> _The records_:
○ ○ ○ ○ ○
(* The cross terms of [Delta (u * v)] are [u (x) v - v (x) u] (Koszul sign),
   and cancel against those of [Delta (v * u)]. *)
Lemma anticomm_primitive u v : V u -> V v -> primitive_on uH D (anticomm u v).
Proof.
move=> [ou pu] [ov pv].
have eu := odd_pr_false ou; have ev := odd_pr_false ov.
have pr_true1 : pr true 1 = 0 by exact: even_pr_true even1.
have Ew : even (anticomm u v).
  rewrite /even /anticomm (linear_funD (pr_linear false)); congr (_ + _).
    by have := pr_homogeneous_mul true true u v; rewrite ou ov.
  by have := pr_homogeneous_mul true true v u; rewrite ou ov.
have De : tensor_eq (D (anticomm u v)) [:: (anticomm u v, 1); (1, anticomm u v)].
  apply: tensor_eq_of_sw => phi bphi L1 L2.
  rewrite /anticomm (linear_funD (sw_linear L1 L2)) !sw_mul //.
  rewrite !(sw_primitive pu) /=; try by linearity.
  rewrite !(sw_primitive pv) /=; try by linearity.
  rewrite !(sw_primitive pu) /=; try by linearity.
  rewrite !big_parities /= ou ov eu ev pr_false1 pr_true1 !mulr0 !mul0r !mulr1 !mul1r.
  rewrite !(bform0l bphi) !(bform0r bphi) !big_cons big_nil /=.
  by rewrite (linear_funD (L1 1)) (linear_funD (L2 1)) !scale_regular !expr0 !expr1; ring.
split => //; exists [:: (anticomm u v, 1); (1, anticomm u v)] => //.
by move=> p; rewrite !inE => /orP [] /eqP -> /=; split => //; exact: even1.
Qed.

Lemma sw_act_mul u v a :
  sw a (fun p q => act u p * act v q) = sw a (fun e q => S e * u * v * q).
Proof.
transitivity (sw a (fun p q => sw p (fun e f => sw q (fun g h => S e * u * f * (S g * v * h))))).
  apply: eq_sw => p q; rewrite actE.
  rewrite -(@sw_comp _ _ p (fun e f => S e * u * f) (fun z => z * act v q)); last by linearity.
  apply: eq_sw => e f; rewrite actE.
  by rewrite -(@sw_comp _ _ q (fun g h => S g * v * h) (fun z => S e * u * f * z)); linearity.
rewrite sw_coassoc4; try by linearity.
apply: eq_sw => e q.
transitivity (sw q (fun m h => eps m *: (S e * u * 1 * v * h))).
  apply: eq_sw => m h.
  rewrite -(@sw_antipodeR _ _ (fun z => S e * u * z * v * h)); last by linearity.
  by apply: eq_sw => f g; rewrite !mulrA.
rewrite (@sw_counitL _ q (fun h => S e * u * 1 * v * h)); last by linearity.
by rewrite mulr1.
Qed.

Lemma anticomm_act_equivariant u v a : uH a ->
  \sum_(p <- D a) anticomm (act u p.1) (act v p.2) =
  \sum_(p <- D a) S p.1 * anticomm u v * p.2.
Proof.
move=> Aa; change (sw a (fun p q => anticomm (act u p) (act v q)) =
  sw a (fun p q => S p * anticomm u v * q)).
rewrite /anticomm sw_split sw_act_mul.
rewrite (sw_cocomm_uH (F := fun p q => act v q * act u p)) //; try by linearity.
rewrite sw_act_mul -sw_split; apply: eq_sw => e q.
by rewrite mulrDr mulrDl !mulrA.
Qed.

(* [w := v v + v v] is primitive, so [S w = - w] and [v <| w = - w v + v w = 0]. *)
Lemma act_anticomm_self v : V v -> act v (anticomm v v) = 0.
Proof.
move=> Vv; have [_ pw] := anticomm_primitive Vv Vv; set w := anticomm v v in pw *.
have e1 : eps w *: (1 : H) = 0.
  have := counitL w; rewrite -/(sw w (fun a b => eps a *: b)) sw_primitive //;
    try by linearity.
  by rewrite eps1 scale1r => /eqP; rewrite -subr_eq0 addrK => /eqP.
have Sw : S w = - w.
  have := antipodeL w; rewrite -/(sw w (fun a b => S a * b)) sw_primitive //;
    try by linearity.
  by rewrite e1 antipode1 mulr1 mul1r => /eqP; rewrite addr_eq0 => /eqP.
rewrite actE sw_primitive //; try by linearity.
rewrite Sw antipode1 mulr1 mul1r /w /anticomm mulNr mulrDl mulrDr !mulrA.
by rewrite addNr.
Qed.

Lemma cocomm_hopf_on_uH : cocomm_hopf_on uH D eps S.
Proof.
split; last by move=> x Ax; apply: cocomm_uH.
split; last split; [|exact: uH_S|split; [by move=> a x y _ _; apply: S_linear|split]].
- split; [|split; [|split; [|split; [|split]]]].
  + split; first by split; [exact: uH0|move=> a x y; exact: uH_linear].
    by split; [exact: uH1|move=> x y; exact: uHM].
  + split; first by move=> x /uH_rep [t Et tA]; exists t.
    split; first by move=> a x y _ _; apply: Delta_linear.
    split; first by move=> a x y _ _; apply: eps_linear.
    split; first by move=> x _; apply: coassoc.
    by split => x _; [apply: counitL|apply: counitR].
  + by move=> x y _ Ay; apply: DeltaM_uH.
  + exact: Delta1.
  + by move=> x y _ _; apply: epsM.
  + exact: eps1.
- by move=> x _; apply: antipodeL.
- by move=> x _; apply: antipodeR.
Qed.

Lemma rmodule_on_V : rmodule_on uH V act.
Proof.
split; first by split; [exact: V0|move=> a x y; exact: V_linear].
split; first by move=> v a Vv Aa; apply: V_act.
split; first by move=> c u v a _ _ _; apply: act_linearl.
split; first by move=> c v a b _ _ _; apply: act_linearr.
split; first by move=> v _; apply: act1.
by move=> v a b _ Aa Ab; apply: actM.
Qed.

Lemma dual_HC_pair_of_super_cocomm : dual_HC_pair uH D eps S V act (@anticomm k H).
Proof.
split; first exact: cocomm_hopf_on_uH.
split; first exact: rmodule_on_V.
split; first by move=> u v Vu Vv; apply: anticomm_primitive.
split; first by move=> c u v w _ _ _; apply: anticomm_linearl.
split; first by move=> c u v w _ _ _; rewrite !(anticommC w) anticomm_linearl.
split; first by move=> u v a _ _ Aa; apply: anticomm_act_equivariant.
by split => [u v _ _|v Vv]; [exact: anticommC|exact: act_anticomm_self].
Qed.

End SuperCocommHopf.

Section SuperHopfMorphism.
Variables (k : fieldType) (H K : algType k) (prH : bool -> H -> H) (prK : bool -> K -> K)
  (DH : H -> seq (H * H)) (DK : K -> seq (K * K)) (eH : H -> k) (eK : K -> k)
  (SH : H -> H) (SK : K -> K) (f : H -> K).
Hypotheses (hK : super_cocomm_hopf prK DK eK SK)
  (hf : super_hopf_morph prH prK DH DK eH eK SH SK f).

Lemma f_linear : linear f. Proof. by case: hf => [[_ [fl _]] _] a x y; apply: fl. Qed.
Lemma f1 : f 1 = 1. Proof. by case: hf => [[_ [_ [f1 _]]] _]. Qed.
Lemma fM x y : f (x * y) = f x * f y.
Proof. by case: hf => [[_ [_ [_ [fm _]]]] _]; apply: fm. Qed.
Lemma f_Delta x : tensor_eq (DK (f x)) [seq (f p.1, f p.2) | p <- DH x].
Proof. by case: hf => [[_ [_ [_ [_ [fD _]]]]] _]; apply: fD. Qed.
Lemma f_pr i x : f (prH i x) = prK i (f x). Proof. by case: hf => _ fp; apply: fp. Qed.
Lemma f_S x : f (SH x) = SK (f x).
Proof. by case: hf => [[_ [_ [_ [_ [_ [_ fS]]]]]] _]; apply: fS. Qed.

Lemma tensor_eq_map (s t : seq (H * H)) : tensor_eq s t ->
  tensor_eq [seq (f p.1, f p.2) | p <- s] [seq (f p.1, f p.2) | p <- t].
Proof.
move=> e phi [b1 b2]; rewrite !big_map /=.
by apply: (e (fun a b => phi (f a) (f b))); split => *; rewrite f_linear ?b1 ?b2.
Qed.

Lemma hopf_morph_on_even_part :
  hopf_morph_on (even_part_sub prH DH) (even_part_sub prK DK) DH DK eH eK SH SK f.
Proof.
case: hf => [[_ [fl [f1 [fm [fD [fe fS]]]]]] _].
split; last first.
  split; first by move=> a x y _ _; apply: fl.
  split; first by [].
  split; first by move=> x y _ _; apply: fm.
  split; first by move=> x _; apply: fD.
  by split => x _; [apply: fe|apply: fS].
move=> x [t Et tE]; exists [seq (f p.1, f p.2) | p <- t].
  exact: tensor_eq_trans (fD x I) (tensor_eq_map Et).
by move=> p /mapP [q /tE [e1 e2] ->] /=; rewrite -!f_pr e1 e2.
Qed.

Lemma odd_prim_map v : odd_prim prH DH v -> odd_prim prK DK (f v).
Proof.
move=> [ov pv]; split; first by rewrite -f_pr ov.
by apply: tensor_eq_trans (f_Delta v) _; have := tensor_eq_map pv; rewrite /= f1.
Qed.

Lemma adj_act_map v a : f (adj_act DH SH v a) = adj_act DK SK (f v) (f a).
Proof.
rewrite /adj_act (linear_fun_sum f_linear).
rewrite (@tensor_eq_sum _ _ _ _ _ (f_Delta a) (fun x y => SK x * f v * y)); last 2 first.
- by move=> w c x y; rewrite (S_linear hK) mulrDl mulrDl -!scalerAl.
- by move=> w c x y; rewrite mulrDr -scalerAr.
by rewrite big_map; apply: eq_bigr => p _; rewrite !fM f_S.
Qed.

Lemma dual_HC_morph_of_super_morph :
  dual_HC_morph (even_part_sub prH DH) (even_part_sub prK DK) DH DK eH eK SH SK
    (odd_prim prH DH) (odd_prim prK DK) (adj_act DH SH) (adj_act DK SK)
    (@anticomm k H) (@anticomm k K) f f.
Proof.
split; first exact: hopf_morph_on_even_part.
split; first by move=> v; apply: odd_prim_map.
split; first by move=> c u v _ _; apply: f_linear.
split; first by move=> v a _ _; apply: adj_act_map.
by move=> u v _ _; rewrite /anticomm (linear_funD f_linear) !fM.
Qed.

End SuperHopfMorphism.

Theorem proposition3p4 (k : fieldType) (char_ne2 : (2%:R : k) != 0) :
  (forall (H : algType k) (pr : bool -> H -> H) (Delta : H -> seq (H * H))
          (eps : H -> k) (S : H -> H),
     super_cocomm_hopf pr Delta eps S ->
     dual_HC_pair (even_part_sub pr Delta) Delta eps S
                  (odd_prim pr Delta) (adj_act Delta S) (@anticomm k H)) /\
  (forall (H K : algType k) (prH : bool -> H -> H) (prK : bool -> K -> K)
          (DH : H -> seq (H * H)) (DK : K -> seq (K * K))
          (eH : H -> k) (eK : K -> k) (SH : H -> H) (SK : K -> K) (f : H -> K),
     super_cocomm_hopf prH DH eH SH ->
     super_cocomm_hopf prK DK eK SK ->
     super_hopf_morph prH prK DH DK eH eK SH SK f ->
     dual_HC_morph (even_part_sub prH DH) (even_part_sub prK DK) DH DK eH eK SH SK
                   (odd_prim prH DH) (odd_prim prK DK) (adj_act DH SH) (adj_act DK SK)
                   (@anticomm k H) (@anticomm k K) f f).
Proof.
split=> [H pr Delta eps S hH | H K prH prK DH DK eH eK SH SK f _ hK hf].
  exact: dual_HC_pair_of_super_cocomm hH.
exact: dual_HC_morph_of_super_morph hK hf.
Qed.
○ ○ ○ ○ ○
> _Task item_:
Gather all lines with the string "actE" from the data.

> _Reply_:
  apply: eq_sw => p q; rewrite actE.
  apply: eq_sw => e f; rewrite actE.
rewrite actE sw_primitive //; try by linearity.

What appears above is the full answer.